When comparing the two sequencing technologies, we see that, overall, the performance of DropSeq is lower than the one of SmartSeq. This may be due to sparsity, and the fact that there may be still a lot of noise on the dataset. Moreover, notice that hypoxic/normoxic cells are not balanced here.

So overall, the best classification seems to be given by Linear SVM.

Test Results

After evaluating performance and interpretability, we decided to use the following models: Linear SVM for MCF7, both SmartSeq and DropSeq, and for HCC1806 DropSeq, while we kept Random Forest for HCC1806 SmartSeq.

Using the aforementioned models we checked our performance on the test sets. The results are in the form of confusion matrices, i.e.

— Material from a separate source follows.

(* Let $(g_0,\mathbf e)$ be a generalized $\mathcal{G}$-coding with terminal vertex sequence $(z_k)$ (with $z_0=\iota(e_1)$) and associated quasi-geodesic sequence $(g_k)_{k\ge0}$. Then for every $k$ (with $k+1$ in the index set), $g_{k+1}W(z_{k+1})\subsetneq g_kW(z_k)$. Moreover, no element of $\Gamma$ appears in the sequence $(g_k)$ more than $\#Z$ times.
   Context: Setup. $\Gamma$ is a finitely generated group hyperbolic relative to a finite nonempty collection $\mathcal{P}$ of infinite subgroups, with $(\Gamma,\mathcal{P})$ non-elementary, and $\mathcal{S}$ a finite symmetric generating set with $P\cap\mathcal{S}$ generating $P$ for each $P\in\mathcal{P}$. $X$ is the Groves–Manning cusped space (the Cayley graph with combinatorial horoballs glued along the cosets $gP$), a locally finite graph with unit edges, metric $d_X$, $\delta$-hyperbolic for a fixed integer $\delta\ge1$; $|g|_X=d_X(\mathrm{id},g)$. Its Gromov boundary is the Bowditch boundary $\partial(\Gamma,\mathcal{P})$, with a fixed metric $d_\partial$ (balls $B_r$, neighborhoods $N_r$, closed neighborhoods $\overline N_r$, $\operatorname{diam}$ w.r.t. $d_\partial$). $\Pi$ is the finite set of points fixed by groups in $\mathcal{P}$, $\Gamma_p$ the group fixing $p\in\Pi$; translates $gp$ are parabolic points, and all other boundary points are conical limit points. $D>0$ is such that any distinct $x,y$ have some $g\in\Gamma$ with $d_\partial(gx,gy)>D$; for $p\in\Pi$, $K_p\subset\partial(\Gamma,\mathcal{P})\setminus\{p\}$ is compact with $\Gamma_pK_p=\partial(\Gamma,\mathcal{P})\setminus\{p\}$, and $D_\Pi>0$ satisfies $D_\Pi<\operatorname{diam}K_p$, $D_\Pi<d_\partial(K_p,p)$ for all $p$. Automaton. Fix $0<\varepsilon<\min(D/5,D_\Pi/5)$, a finite set $Z\subset\partial(\Gamma,\mathcal{P})$, and for each $z\in Z$ open sets $V(z),W(z),\hat V(z),\hat W(z)$ and a set $L(z)\subset\Gamma$ such that: if $z$ is conical, $L(z)=\{\alpha_z\}$, $\hat V(z)=\alpha_z^{-1}V(z)$, $\hat W(z)=\alpha_z^{-1}W(z)$; if $z=gp$ is parabolic ($p\in\Pi$), then $L(z)=g\Gamma_p\setminus F_z$ for a finite set $F_z$, $\hat V(z)\subset\hat W(z)\subset\partial(\Gamma,\mathcal{P})\setminus\{p\}$ and $p\notin\overline N_\varepsilon(\hat W(z))$; the sets $V(z)$, $z\in Z$, cover $\partial(\Gamma,\mathcal{P})$; and for all $z\in Z$: (C1) $\operatorname{diam}W(z)<\varepsilon$; (C2) $\operatorname{diam}\hat W(z)>4\varepsilon$; (C3) $\overline N_{2\varepsilon}(\hat V(z))\subset\hat W(z)$; (C4) $W(z)=\{z\}\cup\bigcup_{\alpha\in L(z)}\alpha\hat W(z)$; (C5) $V(z)=\{z\}\cup\bigcup_{\alpha\in L(z)}\alpha\hat V(z)$ and $\overline{V(z)}\subset W(z)$; (C6) for all $y,z\in Z$, $\overline{\hat V(z)}\cap\overline{V(y)}=\emptyset$ iff $\hat V(z)\cap V(y)=\emptyset$. The automaton $\mathcal{G}$ is the directed graph with vertex set $Z$ where, for $y,z\in Z$, there is no edge from $z$ to $y$ if $\hat V(z)\cap V(y)=\emptyset$, and otherwise there is exactly one edge from $z$ to $y$ labeled $\alpha$ for each $\alpha\in L(z)$. For an edge $e$, $\iota(e),\tau(e),\mathrm{Lab}(e)$ denote its initial vertex, terminal vertex and label. Codings. A strict conical coding is an infinite edge path $\mathbf e=(e_k)_{k\ge1}$ in $\mathcal{G}$; writing $\alpha_k=\mathrm{Lab}(e_k)$, $z_k=\tau(e_k)$ ($k\ge1$), $z_0=\iota(e_1)$, it is a strict coding of $\zeta$ if $\zeta\in\bigcap_{k\ge0}\alpha_1\cdots\alpha_k\overline{W(z_k)}$. A strict parabolic coding is a finite edge path $e_1,\dots,e_n$ ($n\ge0$) whose final vertex $q$ is parabolic; it is a strict coding of $\zeta$ if $\zeta=\alpha_1\cdots\alpha_nq$. A generalized coding is a pair $(g_0,\mathbf e)$ with $g_0\in\Gamma$ and $\mathbf e$ a strict coding (conical or parabolic); if $\mathbf e$ codes $\xi$, then $(g_0,\mathbf e)$ codes $g_0\xi$. Its label/terminal vertex sequences are those of $\mathbf e$, and its associated quasi-geodesic sequence is $g_k:=g_0\alpha_1\cdots\alpha_k$, $k\ge0$. *)

From Stdlib Require Import Reals List Lra.
Open Scope R_scope.
Set Implicit Arguments.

Predicted Negative Predicted Positive
Actual Negative True Negative False Positive
Actual Positive False Negative True Positive

and associated scores.

HCC1806 SmartSeq:

0 1
0 25 0
1 1 19
  • Accuracy: 0.98
  • Precision: 1.0
  • Recall: 0.95
  • F1: 0.97

HCC1806 DropSeq:

0 1
0 1339 115
1 115 2102
  • Accuracy: 0.94
  • Precision: 0.95
  • Recall: 0.95
  • F1: 0.95

MCF7 SmartSeq:

0 1
0 32 0
1 0 31
  • Accuracy: 1.0
  • Precision: 1.0
  • Recall: 1.0
  • F1: 1.0

MCF7 DropSeq:

0 1
0 3146 74
1 69 2117
  • Accuracy: 0.97
  • Precision: 0.97
  • Recall: 0.97
  • F1: 0.97

So, in conclusion, we had a really good performance with all of our models, and a perfect classifier for the dataset MCF7 SmartSeq.